Give back only the lines in the records below from the one with "End Admissible." to the one with "Definition quadmix (w", both inclusive, word for word.

*Saved entries*
= Beginning of Section =
Lemma sqintD f g : sqint P f -> sqint P g -> sqint P (fun t => f t + g t).
Proof.
move=> [mf if2] [mg ig2]; split; first exact: measurable_funD.
apply: le_integrable (integrableD measurableT (integrableZl measurableT 2 if2)
                                              (integrableZl measurableT 2 ig2)) => //.
  by apply/measurable_EFinP; apply: measurable_funX; exact: measurable_funD.
move=> t _ /=; rewrite lee_fin ger0_norm ?sqr_ge0 // ger0_norm; last first.
  by rewrite addr_ge0 // mulr_ge0 // sqr_ge0.
have := sqr_ge0 (f t - g t); nra.
Qed.

Lemma sqint_sum (I : Type) (s : seq I) (F : I -> T -> R) :
  (forall i, sqint P (F i)) -> sqint P (fun t => \sum_(i <- s) F i t).
Proof.
move=> hF; elim: s => [|i s IH].
  by under eq_fun do rewrite big_nil; exact: sqint_cst.
by under eq_fun do rewrite big_cons; exact: sqintD.
Qed.

Lemma sqintv_cst k (c : 'cV[R]_k) : sqintv P (fun _ => c).
Proof. by move=> i; exact: sqint_cst. Qed.

Lemma sqintv_lin k a b (X Y : T -> 'cV[R]_k) : sqintv P X -> sqintv P Y ->
  sqintv P (fun t => a *: X t + b *: Y t).
Proof.
move=> hX hY i; under eq_fun do rewrite !mxE.
by apply: sqintD; apply: sqintZ.
Qed.

Lemma sqintvB k (X Y : T -> 'cV[R]_k) : sqintv P X -> sqintv P Y ->
  sqintv P (fun t => X t - Y t).
Proof.
move=> hX hY; have := sqintv_lin 1 (-1) hX hY.
by under eq_fun do rewrite scale1r scaleN1r.
Qed.

Lemma sqintv_mulmx k p (A : 'M[R]_(p, k)) (X : T -> 'cV[R]_k) : sqintv P X ->
  sqintv P (fun t => A *m X t).
Proof.
move=> hX i; under eq_fun do rewrite !mxE.
by apply: sqint_sum => j; apply: sqintZ.
Qed.

Lemma L1_dot k (X Y : T -> 'cV[R]_k) : sqintv P X -> sqintv P Y ->
  L1 (fun t => dot (X t) (Y t)).
Proof.
move=> hX hY; rewrite /dot; under eq_fun do rewrite !mxE.
apply: L1_sum => j _; under eq_fun do rewrite !mxE.
exact: L1_mul_sqint.
Qed.

Lemma Ev_lin k a b (X Y : T -> 'cV[R]_k) : sqintv P X -> sqintv P Y ->
  Ev P (fun t => a *: X t + b *: Y t) = a *: Ev P X + b *: Ev P Y.
Proof.
move=> hX hY; apply/matrixP => i j; rewrite !mxE.
have hXi := sqint_L1 (hX i); have hYi := sqint_L1 (hY i).
under eq_fun do rewrite !mxE.
by rewrite ExD ?ExZ //; apply: L1Z.
Qed.

End SquareIntegrable.

Section Admissible.
Context (R : realType) (d : measure_display) (T : measurableType d).
Context (P : probability T R) (n m N l : nat) (om : nat -> T -> R).
Context (xi0 : T -> 'cV[R]_n).

Lemma Fmeas_cst (G : set (set T)) (c : R) : Fmeas <<s G >> (fun _ => c).
Proof.
move=> B mB.
have := @measurable_cst _ _ (g_sigma_algebraType G) _ setT c measurableT B mB.
by rewrite setTI.
Qed.

Lemma FmeasB (G : set (set T)) (f g : T -> R) :
  Fmeas <<s G >> f -> Fmeas <<s G >> g -> Fmeas <<s G >> (fun t => f t - g t).
Proof.
have meas h : Fmeas <<s G >> h ->
    measurable_fun (setT : set (g_sigma_algebraType G)) h.
  by move=> hh _ B mB; rewrite setTI; exact: hh.
move=> /meas mf /meas mg B mB.
by have := measurable_funB mf mg measurableT mB; rewrite setTI.
Qed.

Lemma admissible0 : admissible P N l om xi0 (fun _ _ => 0 : 'cV[R]_m).
Proof.
move=> k _; split; last exact: sqintv_cst.
by move=> i; under eq_fun do rewrite mxE; exact: Fmeas_cst.
Qed.

Lemma admissibleB (u v : nat -> T -> 'cV[R]_m) :
  admissible P N l om xi0 u -> admissible P N l om xi0 v ->
  admissible P N l om xi0 (fun k t => u k t - v k t).
Proof.
move=> hu hv k hk; have [Fu su] := hu k hk; have [Fv sv] := hv k hk.
split; last exact: sqintvB.
by move=> i; under eq_fun do rewrite !mxE; exact: FmeasB.
Qed.

End Admissible.

Section Mixture.
Context (R : comPzRingType) (lam : R).

(* A quadratic form q satisfies [quadmix (q w) (q u) (q v) (q e)] whenever
   [mixdiff w u v e]; so do linear forms and constants, with 0 for q e. *)
Definition mixdiff (V : lmodType R) (w u v e : V) :=
  w = lam *: u + (1 - lam) *: v /\ e = u - v.

Definition quadmix (w u v e : R) :=
  w = lam * u + (1 - lam) * v - lam * (1 - lam) * e.

Lemma mixdiff_cst (V : lmodType R) (c : V) : mixdiff c c c 0.
Proof. by split; rewrite ?subrr // -scalerDl addrC subrK scale1r. Qed.

Lemma mixdiffD (V : lmodType R) (w1 u1 v1 e1 w2 u2 v2 e2 : V) :
  mixdiff w1 u1 v1 e1 -> mixdiff w2 u2 v2 e2 ->
  mixdiff (w1 + w2) (u1 + u2) (v1 + v2) (e1 + e2).
Proof. by move=> [-> ->] [-> ->]; split; rewrite ?opprD ?scalerDr addrACA. Qed.

Lemma mixdiffZ (V : lmodType R) c (w u v e : V) :
  mixdiff w u v e -> mixdiff (c *: w) (c *: u) (c *: v) (c *: e).
Proof.
move=> [-> ->]; split; last by rewrite scalerBr.
by rewrite scalerDr !scalerA mulrC (mulrC c).
Qed.

Lemma mixdiff_mulmx p k (A : 'M[R]_(p, k)) (w u v e : 'cV[R]_k) :
  mixdiff w u v e -> mixdiff (A *m w) (A *m u) (A *m v) (A *m e).
Proof. by move=> [-> ->]; split; rewrite ?mulmxBr // mulmxDr !scalemxAr. Qed.

Lemma quadmixD w1 u1 v1 e1 w2 u2 v2 e2 :
  quadmix w1 u1 v1 e1 -> quadmix w2 u2 v2 e2 ->
  quadmix (w1 + w2) (u1 + u2) (v1 + v2) (e1 + e2).
Proof. by rewrite /quadmix => -> ->; ring. Qed.

Lemma quadmixM c w u v e : quadmix w u v e -> quadmix (c * w) (c * u) (c * v) (c * e).
Proof. by rewrite /quadmix => ->; ring. Qed.

Lemma quadmix_sum (I : eqType) (s : seq I) (W U V E : I -> R) :
  (forall i, i \in s -> quadmix (W i) (U i) (V i) (E i)) ->
  quadmix (\sum_(i <- s) W i) (\sum_(i <- s) U i) (\sum_(i <- s) V i)
          (\sum_(i <- s) E i).
Proof.
elim: s => [|i s IH] h; first by rewrite /quadmix !big_nil !mulr0 !addr0 subr0.
rewrite !big_cons; apply: quadmixD; first by apply: h; rewrite mem_head.
by apply: IH => j js; apply: h; rewrite inE js orbT.
Qed.

End Mixture.

Lemma quadmix_dot (R : realType) (lam : R) k (aw au av ae bw bu bv be : 'cV[R]_k) :
  mixdiff lam aw au av ae -> mixdiff lam bw bu bv be ->
  quadmix lam (dot aw bw) (dot au bu) (dot av bv) (dot ae be).
Proof.
move=> [-> ->] [-> ->]; rewrite /quadmix /dot !mxE !mulr_sumr -sumrN -!big_split.
by apply: eq_bigr => i _; rewrite !mxE /=; ring.
Qed.

Section MixtureExpectation.
Context (R : realType) (d : measure_display) (T : measurableType d).
Context (P : probability T R) (lam : R).

Lemma mixdiff_Ev k (W U V E : T -> 'cV[R]_k) :
  (forall t, mixdiff lam (W t) (U t) (V t) (E t)) -> sqintv P U -> sqintv P V ->
  mixdiff lam (Ev P W) (Ev P U) (Ev P V) (Ev P E).
Proof.
move=> h hU hV.
have -> : W = fun t => lam *: U t + (1 - lam) *: V t by apply/funext => t; case: (h t).
have -> : E = fun t => 1 *: U t + (-1) *: V t.
  by apply/funext => t; case: (h t) => _ ->; rewrite scale1r scaleN1r.
by rewrite !Ev_lin //; split; rewrite // scale1r scaleN1r.
Qed.

Lemma quadmix_Ex (W U V E : T -> R) :
  (forall t, quadmix lam (W t) (U t) (V t) (E t)) -> L1 P U -> L1 P V -> L1 P E ->
  quadmix lam (Ex P W) (Ex P U) (Ex P V) (Ex P E).
Proof.
move=> h hU hV hE.
have -> : W = fun t => lam * U t + (1 - lam) * V t - lam * (1 - lam) * E t.
  exact: funext h.
by rewrite /quadmix ExB ?ExD ?ExZ //; do ?apply: L1D; apply: L1Z.
Qed.

End MixtureExpectation.

Section StateMixture.
Context (R : realType) (d : measure_display) (T : measurableType d).
Context (P : probability T R) (n m N l : nat) (om : nat -> T -> R).
Context (E : lqdata R T n m) (xi : T -> 'cV[R]_n) (lam : R).
Context (u v : nat -> T -> 'cV[R]_m).

Local Notation w := (fun k t => lam *: u k t + (1 - lam) *: v k t).
Local Notation e := (fun k t => u k t - v k t).

Lemma state_mixdiff :
  (forall k, (l <= k <= N)%N ->
     sqintv P (state P l om E xi u k) /\ sqintv P (state P l om E xi v k)) ->
  (forall k, (l <= k < N)%N -> sqintv P (u k) /\ sqintv P (v k)) ->
  forall k, (l <= k <= N)%N -> forall t,
    mixdiff lam (state P l om E xi w k t) (state P l om E xi u k t)
      (state P l om E xi v k t) (state P l om (homog E) (fun _ => 0) e k t).
Proof.
move=> sq_x sq_u k /andP[_ kN]; rewrite /state.
elim: (k - l)%N (leq_sub2r l kN) => {k kN} [|j IH] jN t; first exact: mixdiff_cst.
have [sxu sxv] : sqintv P (xs P l om E xi u j) /\ sqintv P (xs P l om E xi v j).
  by have := sq_x (l + j)%N; rewrite /state addKn; apply; lia.
have [scu scv] := sq_u (l + j)%N ltac:(lia).
have hx := IH (ltnW jN).
have hEx := mixdiff_Ev hx sxu sxv.
have hc s : mixdiff lam (w (l + j)%N s) (u (l + j)%N s) (v (l + j)%N s) (e (l + j)%N s).
  by [].
have hEc := mixdiff_Ev hc scu scv.
rewrite /=.
repeat first [apply: mixdiffD | apply: mixdiffZ | apply: mixdiff_mulmx
             | apply: mixdiff_cst | exact: hx | exact: hEx | exact: hc | exact: hEc].
Qed.

End StateMixture.

Section CostIntegrand.
Context (R : realType) (d : measure_display) (T : measurableType d).
Context (P : probability T R) (n m N l : nat) (om : nat -> T -> R).

Definition cost_integrand (E : lqdata R T n m) (x : nat -> T -> 'cV[R]_n)
    (u : nat -> T -> 'cV[R]_m) (t : T) : R :=
  dot (cG E *m x N t) (x N t) + 2 * dot (cg E t) (x N t)
  + dot (cGb E *m Ev P (x N)) (Ev P (x N)) + 2 * dot (cgb E t) (Ev P (x N))
  + \sum_(l <= k < N)
      ( dot (cQ E k *m x k t) (x k t) + 2 * dot (cS E k *m u k t) (x k t)
      + dot (cR E k *m u k t) (u k t) + 2 * dot (cq E k t) (x k t)
      + 2 * dot (crho E k t) (u k t)
      + dot (cQb E k *m Ev P (x k)) (Ev P (x k))
      + 2 * dot (cSb E k *m Ev P (u k)) (Ev P (x k))
      + dot (cRb E k *m Ev P (u k)) (Ev P (u k))
      + 2 * dot (cqb E k t) (Ev P (x k)) + 2 * dot (crhob E k t) (Ev P (u k))).

Lemma costE E xi u :
  cost P N l om E xi u = Ex P (cost_integrand E (state P l om E xi u) u).
Proof. by []. Qed.

Definition sqint_linear_terms (E : lqdata R T n m) :=
  [/\ sqintv P (cg E), sqintv P (cgb E)
    & forall k, (l <= k < N)%N ->
        [/\ sqintv P (cq E k), sqintv P (cqb E k),
            sqintv P (crho E k) & sqintv P (crhob E k)]].

Lemma sqint_linear_terms_homog E : sqint_linear_terms (homog E).
Proof. by split=> [||k _]; [..| split]; exact: sqintv_cst. Qed.

Lemma L1_cost_integrand E x u : (l <= N)%N -> sqint_linear_terms E ->
  (forall k, (l <= k <= N)%N -> sqintv P (x k)) ->
  (forall k, (l <= k < N)%N -> sqintv P (u k)) ->
  L1 P (cost_integrand E x u).
Proof.
move=> lN [sq_g sq_gb sq_q] sq_x sq_u; apply: L1D.
  have sq_xN := sq_x N ltac:(lia).
  repeat first [apply: L1D | apply: L1Z | apply: L1_dot | apply: sqintv_cst
               | apply: sqintv_mulmx | exact: sq_xN | exact: sq_g | exact: sq_gb].
apply: L1_sum => k; rewrite mem_index_iota => kN.
have sq_xk := sq_x k ltac:(lia); have sq_uk := sq_u k kN.
have [sq1 sq2 sq3 sq4] := sq_q k kN.
repeat first [apply: L1D | apply: L1Z | apply: L1_dot | apply: sqintv_cst
             | apply: sqintv_mulmx | exact: sq_xk | exact: sq_uk | exact: sq1
             | exact: sq2 | exact: sq3 | exact: sq4].
Qed.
= End of Section =
*Answer section*
End Admissible.

Section Mixture.
Context (R : comPzRingType) (lam : R).

(* A quadratic form q satisfies [quadmix (q w) (q u) (q v) (q e)] whenever
   [mixdiff w u v e]; so do linear forms and constants, with 0 for q e. *)
Definition mixdiff (V : lmodType R) (w u v e : V) :=
  w = lam *: u + (1 - lam) *: v /\ e = u - v.

Definition quadmix (w u v e : R) :=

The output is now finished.